Give every entry again, exactly as it stands.

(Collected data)
□ □ □ □ □ □ □
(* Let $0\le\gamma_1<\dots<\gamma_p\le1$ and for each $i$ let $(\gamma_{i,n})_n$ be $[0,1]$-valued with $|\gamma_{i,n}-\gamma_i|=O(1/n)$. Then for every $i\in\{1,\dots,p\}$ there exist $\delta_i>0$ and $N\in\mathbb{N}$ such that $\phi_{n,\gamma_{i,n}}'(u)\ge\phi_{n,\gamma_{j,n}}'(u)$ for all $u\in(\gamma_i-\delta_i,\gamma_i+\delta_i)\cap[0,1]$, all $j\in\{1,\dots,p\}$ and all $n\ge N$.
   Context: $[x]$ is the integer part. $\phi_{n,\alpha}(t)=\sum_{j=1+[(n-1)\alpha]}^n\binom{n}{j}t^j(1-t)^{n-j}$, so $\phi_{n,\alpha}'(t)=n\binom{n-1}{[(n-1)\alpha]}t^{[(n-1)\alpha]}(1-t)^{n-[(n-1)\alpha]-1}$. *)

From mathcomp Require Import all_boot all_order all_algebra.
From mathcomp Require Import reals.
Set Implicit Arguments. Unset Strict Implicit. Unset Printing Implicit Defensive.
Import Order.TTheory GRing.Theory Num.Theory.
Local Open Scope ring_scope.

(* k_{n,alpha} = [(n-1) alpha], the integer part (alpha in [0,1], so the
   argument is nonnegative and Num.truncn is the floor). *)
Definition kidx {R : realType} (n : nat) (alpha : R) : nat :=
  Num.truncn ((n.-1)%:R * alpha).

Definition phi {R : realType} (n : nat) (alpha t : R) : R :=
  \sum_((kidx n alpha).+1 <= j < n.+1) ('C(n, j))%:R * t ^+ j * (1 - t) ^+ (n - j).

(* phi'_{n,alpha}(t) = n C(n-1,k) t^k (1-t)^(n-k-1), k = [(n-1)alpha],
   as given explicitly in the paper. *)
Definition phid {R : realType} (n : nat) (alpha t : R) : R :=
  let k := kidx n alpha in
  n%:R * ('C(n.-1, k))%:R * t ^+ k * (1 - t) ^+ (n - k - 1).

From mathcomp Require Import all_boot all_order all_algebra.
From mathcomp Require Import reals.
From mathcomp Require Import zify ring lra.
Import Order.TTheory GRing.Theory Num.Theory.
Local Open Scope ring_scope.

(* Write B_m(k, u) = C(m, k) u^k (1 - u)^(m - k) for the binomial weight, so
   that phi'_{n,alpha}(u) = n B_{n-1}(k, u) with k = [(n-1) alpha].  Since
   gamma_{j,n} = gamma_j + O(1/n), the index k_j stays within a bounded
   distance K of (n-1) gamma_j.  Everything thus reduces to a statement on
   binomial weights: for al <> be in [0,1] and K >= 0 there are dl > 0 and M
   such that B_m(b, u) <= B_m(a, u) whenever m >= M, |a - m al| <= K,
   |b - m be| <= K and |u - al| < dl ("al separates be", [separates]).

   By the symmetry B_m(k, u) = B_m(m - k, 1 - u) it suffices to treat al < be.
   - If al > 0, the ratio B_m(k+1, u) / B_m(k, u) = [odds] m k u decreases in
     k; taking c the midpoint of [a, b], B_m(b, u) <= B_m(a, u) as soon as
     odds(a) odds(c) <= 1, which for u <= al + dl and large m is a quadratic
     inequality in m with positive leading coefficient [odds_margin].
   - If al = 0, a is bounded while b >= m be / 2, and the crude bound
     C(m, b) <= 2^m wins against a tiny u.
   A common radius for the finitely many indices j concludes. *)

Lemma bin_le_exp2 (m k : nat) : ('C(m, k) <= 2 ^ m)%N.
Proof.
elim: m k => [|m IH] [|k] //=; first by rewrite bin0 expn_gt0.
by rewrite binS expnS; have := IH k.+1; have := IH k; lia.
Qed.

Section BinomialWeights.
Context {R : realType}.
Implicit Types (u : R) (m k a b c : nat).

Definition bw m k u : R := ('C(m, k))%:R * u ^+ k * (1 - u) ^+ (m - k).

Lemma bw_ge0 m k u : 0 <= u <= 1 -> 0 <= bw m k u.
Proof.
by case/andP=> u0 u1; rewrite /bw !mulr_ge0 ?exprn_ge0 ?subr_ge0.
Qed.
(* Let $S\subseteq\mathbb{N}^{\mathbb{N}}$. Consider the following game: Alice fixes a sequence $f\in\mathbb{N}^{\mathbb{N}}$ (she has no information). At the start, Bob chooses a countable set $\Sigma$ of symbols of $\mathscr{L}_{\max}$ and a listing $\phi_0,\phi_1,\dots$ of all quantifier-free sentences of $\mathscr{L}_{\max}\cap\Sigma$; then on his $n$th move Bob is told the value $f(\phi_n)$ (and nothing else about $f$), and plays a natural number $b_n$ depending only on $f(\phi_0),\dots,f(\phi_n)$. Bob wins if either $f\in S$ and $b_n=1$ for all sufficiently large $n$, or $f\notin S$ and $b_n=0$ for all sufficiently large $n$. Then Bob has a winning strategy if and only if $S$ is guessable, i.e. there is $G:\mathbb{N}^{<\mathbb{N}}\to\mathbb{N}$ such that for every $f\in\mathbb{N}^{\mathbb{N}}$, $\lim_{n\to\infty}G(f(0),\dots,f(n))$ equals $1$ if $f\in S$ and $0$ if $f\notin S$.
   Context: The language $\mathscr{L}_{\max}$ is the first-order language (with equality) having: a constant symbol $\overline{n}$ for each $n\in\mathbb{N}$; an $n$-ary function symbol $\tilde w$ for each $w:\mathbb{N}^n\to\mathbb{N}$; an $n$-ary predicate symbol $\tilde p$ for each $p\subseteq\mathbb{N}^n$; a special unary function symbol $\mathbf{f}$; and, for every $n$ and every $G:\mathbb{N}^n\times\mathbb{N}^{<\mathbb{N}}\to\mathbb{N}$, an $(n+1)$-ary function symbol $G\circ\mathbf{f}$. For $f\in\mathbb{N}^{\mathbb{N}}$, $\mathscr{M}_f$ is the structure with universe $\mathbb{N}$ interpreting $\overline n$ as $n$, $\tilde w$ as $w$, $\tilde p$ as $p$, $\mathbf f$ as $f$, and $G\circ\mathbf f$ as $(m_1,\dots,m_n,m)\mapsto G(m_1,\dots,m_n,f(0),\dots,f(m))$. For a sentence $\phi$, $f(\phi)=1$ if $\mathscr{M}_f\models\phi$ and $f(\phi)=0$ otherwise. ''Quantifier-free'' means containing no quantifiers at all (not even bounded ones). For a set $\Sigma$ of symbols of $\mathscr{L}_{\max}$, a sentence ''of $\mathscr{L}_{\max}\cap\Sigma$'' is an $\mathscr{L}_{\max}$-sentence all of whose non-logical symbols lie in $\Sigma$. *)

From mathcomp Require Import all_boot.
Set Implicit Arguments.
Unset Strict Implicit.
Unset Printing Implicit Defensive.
□ □ □ □ □ □ □
Your response =>
(* Let $0\le\gamma_1<\dots<\gamma_p\le1$ and for each $i$ let $(\gamma_{i,n})_n$ be $[0,1]$-valued with $|\gamma_{i,n}-\gamma_i|=O(1/n)$. Then for every $i\in\{1,\dots,p\}$ there exist $\delta_i>0$ and $N\in\mathbb{N}$ such that $\phi_{n,\gamma_{i,n}}'(u)\ge\phi_{n,\gamma_{j,n}}'(u)$ for all $u\in(\gamma_i-\delta_i,\gamma_i+\delta_i)\cap[0,1]$, all $j\in\{1,\dots,p\}$ and all $n\ge N$.
   Context: $[x]$ is the integer part. $\phi_{n,\alpha}(t)=\sum_{j=1+[(n-1)\alpha]}^n\binom{n}{j}t^j(1-t)^{n-j}$, so $\phi_{n,\alpha}'(t)=n\binom{n-1}{[(n-1)\alpha]}t^{[(n-1)\alpha]}(1-t)^{n-[(n-1)\alpha]-1}$. *)

From mathcomp Require Import all_boot all_order all_algebra.
From mathcomp Require Import reals.
Set Implicit Arguments. Unset Strict Implicit. Unset Printing Implicit Defensive.
Import Order.TTheory GRing.Theory Num.Theory.
Local Open Scope ring_scope.

(* k_{n,alpha} = [(n-1) alpha], the integer part (alpha in [0,1], so the
   argument is nonnegative and Num.truncn is the floor). *)
Definition kidx {R : realType} (n : nat) (alpha : R) : nat :=
  Num.truncn ((n.-1)%:R * alpha).

Definition phi {R : realType} (n : nat) (alpha t : R) : R :=
  \sum_((kidx n alpha).+1 <= j < n.+1) ('C(n, j))%:R * t ^+ j * (1 - t) ^+ (n - j).

(* phi'_{n,alpha}(t) = n C(n-1,k) t^k (1-t)^(n-k-1), k = [(n-1)alpha],
   as given explicitly in the paper. *)
Definition phid {R : realType} (n : nat) (alpha t : R) : R :=
  let k := kidx n alpha in
  n%:R * ('C(n.-1, k))%:R * t ^+ k * (1 - t) ^+ (n - k - 1).

From mathcomp Require Import all_boot all_order all_algebra.
From mathcomp Require Import reals.
From mathcomp Require Import zify ring lra.
Import Order.TTheory GRing.Theory Num.Theory.
Local Open Scope ring_scope.

(* Write B_m(k, u) = C(m, k) u^k (1 - u)^(m - k) for the binomial weight, so
   that phi'_{n,alpha}(u) = n B_{n-1}(k, u) with k = [(n-1) alpha].  Since
   gamma_{j,n} = gamma_j + O(1/n), the index k_j stays within a bounded
   distance K of (n-1) gamma_j.  Everything thus reduces to a statement on
   binomial weights: for al <> be in [0,1] and K >= 0 there are dl > 0 and M
   such that B_m(b, u) <= B_m(a, u) whenever m >= M, |a - m al| <= K,
   |b - m be| <= K and |u - al| < dl ("al separates be", [separates]).

   By the symmetry B_m(k, u) = B_m(m - k, 1 - u) it suffices to treat al < be.
   - If al > 0, the ratio B_m(k+1, u) / B_m(k, u) = [odds] m k u decreases in
     k; taking c the midpoint of [a, b], B_m(b, u) <= B_m(a, u) as soon as
     odds(a) odds(c) <= 1, which for u <= al + dl and large m is a quadratic
     inequality in m with positive leading coefficient [odds_margin].
   - If al = 0, a is bounded while b >= m be / 2, and the crude bound
     C(m, b) <= 2^m wins against a tiny u.
   A common radius for the finitely many indices j concludes. *)

Lemma bin_le_exp2 (m k : nat) : ('C(m, k) <= 2 ^ m)%N.
Proof.
elim: m k => [|m IH] [|k] //=; first by rewrite bin0 expn_gt0.
by rewrite binS expnS; have := IH k.+1; have := IH k; lia.
Qed.

Section BinomialWeights.
Context {R : realType}.
Implicit Types (u : R) (m k a b c : nat).

Definition bw m k u : R := ('C(m, k))%:R * u ^+ k * (1 - u) ^+ (m - k).

Lemma bw_ge0 m k u : 0 <= u <= 1 -> 0 <= bw m k u.
Proof.
by case/andP=> u0 u1; rewrite /bw !mulr_ge0 ?exprn_ge0 ?subr_ge0.
Qed.
(* Let $S\subseteq\mathbb{N}^{\mathbb{N}}$. Consider the following game: Alice fixes a sequence $f\in\mathbb{N}^{\mathbb{N}}$ (she has no information). At the start, Bob chooses a countable set $\Sigma$ of symbols of $\mathscr{L}_{\max}$ and a listing $\phi_0,\phi_1,\dots$ of all quantifier-free sentences of $\mathscr{L}_{\max}\cap\Sigma$; then on his $n$th move Bob is told the value $f(\phi_n)$ (and nothing else about $f$), and plays a natural number $b_n$ depending only on $f(\phi_0),\dots,f(\phi_n)$. Bob wins if either $f\in S$ and $b_n=1$ for all sufficiently large $n$, or $f\notin S$ and $b_n=0$ for all sufficiently large $n$. Then Bob has a winning strategy if and only if $S$ is guessable, i.e. there is $G:\mathbb{N}^{<\mathbb{N}}\to\mathbb{N}$ such that for every $f\in\mathbb{N}^{\mathbb{N}}$, $\lim_{n\to\infty}G(f(0),\dots,f(n))$ equals $1$ if $f\in S$ and $0$ if $f\notin S$.
   Context: The language $\mathscr{L}_{\max}$ is the first-order language (with equality) having: a constant symbol $\overline{n}$ for each $n\in\mathbb{N}$; an $n$-ary function symbol $\tilde w$ for each $w:\mathbb{N}^n\to\mathbb{N}$; an $n$-ary predicate symbol $\tilde p$ for each $p\subseteq\mathbb{N}^n$; a special unary function symbol $\mathbf{f}$; and, for every $n$ and every $G:\mathbb{N}^n\times\mathbb{N}^{<\mathbb{N}}\to\mathbb{N}$, an $(n+1)$-ary function symbol $G\circ\mathbf{f}$. For $f\in\mathbb{N}^{\mathbb{N}}$, $\mathscr{M}_f$ is the structure with universe $\mathbb{N}$ interpreting $\overline n$ as $n$, $\tilde w$ as $w$, $\tilde p$ as $p$, $\mathbf f$ as $f$, and $G\circ\mathbf f$ as $(m_1,\dots,m_n,m)\mapsto G(m_1,\dots,m_n,f(0),\dots,f(m))$. For a sentence $\phi$, $f(\phi)=1$ if $\mathscr{M}_f\models\phi$ and $f(\phi)=0$ otherwise. ''Quantifier-free'' means containing no quantifiers at all (not even bounded ones). For a set $\Sigma$ of symbols of $\mathscr{L}_{\max}$, a sentence ''of $\mathscr{L}_{\max}\cap\Sigma$'' is an $\mathscr{L}_{\max}$-sentence all of whose non-logical symbols lie in $\Sigma$. *)

From mathcomp Require Import all_boot.
Set Implicit Arguments.
Unset Strict Implicit.
Unset Printing Implicit Defensive.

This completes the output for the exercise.